Western areas of North America are continuing to suffer a significant heatwave that is threatening to break the highest global September temperature record. The global record in September is 52.2C (126F), in 1950 in Mecca, California. On 1 September this year, temperatures at Furnace Creek in Death Valley reached a scorching 51.3C (124.4F), less than a degree off the all-time record.

In the following days, several Canadian provinces’ September records were broken, including Alberta, Saskatchewan, and British Columbia. On 2 September Lytton in British Columbia reached 39.6C (103F), only 0.4C off the September record for all of Canada. Records in many other cities also fell on 2 and 3 September.
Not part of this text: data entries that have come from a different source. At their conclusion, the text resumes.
(* Let $L\in\mathcal L(C_6)$ with $\{2,5\}\subset L$. Then $L=\{2,5\}$ or $L=\{2,4,5\}$, and both sets actually lie in $\mathcal L(C_6)$. In particular, $[2,5]\notin\mathcal L(C_6)$.
   Context: $C_n$ denotes a cyclic group of order $n$; $[a,b]=\{x\in\mathbb Z:a\le x\le b\}$. For a subset $G_0$ of a finite abelian group $G$, a sequence over $G_0$ is an element of the free abelian monoid $\mathcal F(G_0)$ with basis $G_0$ (a finite unordered list of elements of $G_0$, repetitions allowed). $\mathcal B(G_0)$ is the monoid of zero-sum sequences over $G_0$ (including the empty sequence). An atom is a minimal zero-sum sequence, i.e. a nonempty zero-sum sequence that is not a product of two nonempty zero-sum sequences. For $B\in\mathcal B(G_0)$, $\mathsf L(B)=\{k\in\mathbb N_0: B \text{ is a product of } k \text{ atoms}\}$, and $\mathcal L(G_0)=\{\mathsf L(B):B\in\mathcal B(G_0)\}$; $\mathcal L(G)$ is the case $G_0=G$. *)

From mathcomp Require Import all_boot all_order all_algebra.
Set Implicit Arguments. Unset Strict Implicit. Unset Printing Implicit Defensive.
Import GRing.Theory.
Local Open Scope ring_scope.

(* Sequences over G (elements of the free abelian monoid F(G)) are modelled
   as lists, considered up to permutation (perm_eq); the monoid product is
   concatenation. *)
Section ZeroSum.
Variable G : zmodType.

Definition sigma (S : seq G) : G := \sum_(g <- S) g.

Definition zero_sum (S : seq G) : Prop := sigma S = 0.

Definition atom (S : seq G) : Prop :=
  S <> [::] /\ zero_sum S /\
  ~ (exists S1 S2 : seq G, S1 <> [::] /\ S2 <> [::] /\
       zero_sum S1 /\ zero_sum S2 /\ perm_eq S (S1 ++ S2)).

Definition in_lengths (B : seq G) (k : nat) : Prop :=
  exists As : seq (seq G),
    size As = k /\ (forall A, A \in As -> atom A) /\ perm_eq B (flatten As).

Definition in_system_of_lengths (L : nat -> Prop) : Prop :=
  exists B : seq G, zero_sum B /\ forall k, L k <-> in_lengths B k.

End ZeroSum.

(* The proof is a verified exhaustive computation.  A sequence over 'Z_n is
   described up to permutation by its multiplicity vector (cnt), and being
   zero-sum, being an atom (atomP), and the set of lengths (in_lengthsP) are
   all decidable properties of that vector.  By the Davenport bound
   (atom_size) atoms over 'Z_n have at most n terms, so the finite list
   atom_vecs contains the multiplicity vectors of all atoms, and the search
   factor_lengths, which repeatedly splits off an atom containing the first
   occurring residue, computes exactly the set of lengths of B.  For 'Z_6 a
   sequence with 2 in its set of lengths is a product U V of two atoms; running
   the search on every such pair (two_factor_check_ok) shows that 5 can only
   occur together with lengths in {2,4,5}.  Explicit sequences realize
   {2,5} and {2,4,5}. *)

From mathcomp Require Import all_boot all_order all_algebra.
From mathcomp Require Import zify.
Import GRing.Theory.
The remainder of this week will stay anomalously hot, about 10C above average, with a continued threat of records falling but the heat is expected to move away eastwards later this week.

Hurricane season is finally beginning to ramp up, which mayhelp suppress the high temperatures across the western US. Since the formation of the first tropical hurricane of the 2022 season last week, Typhoon Hinnamnor, which is still affecting Japan and the Korean peninsula, more tropical disturbances have been developing.

A tropical storm (Twelve-E) off the Pacific coast of Mexico has been deepening quickly over the last 48 hours with showers and thunderstorms becoming more organised as the low deepens. Forecast models suggest there is a high likelihood of this developing into a category 1 hurricane on Tuesday, although the maximum wind strength remains uncertain. The track of this storm system is expected to follow the Mexican coast northwards towards California throughout this week, bringing stormy conditions all along western Mexico.

Through the second half of this week the storm system will affect areas around the California Baja peninsula, and even up into southern California, with a possibility of 100-200mm of rain accumulation in the space of 24 hours bringing a risk of significant flooding. From intense heat to strong flood risks, this would be a very dramatic change in weather in the course of a week for south-western states in the US.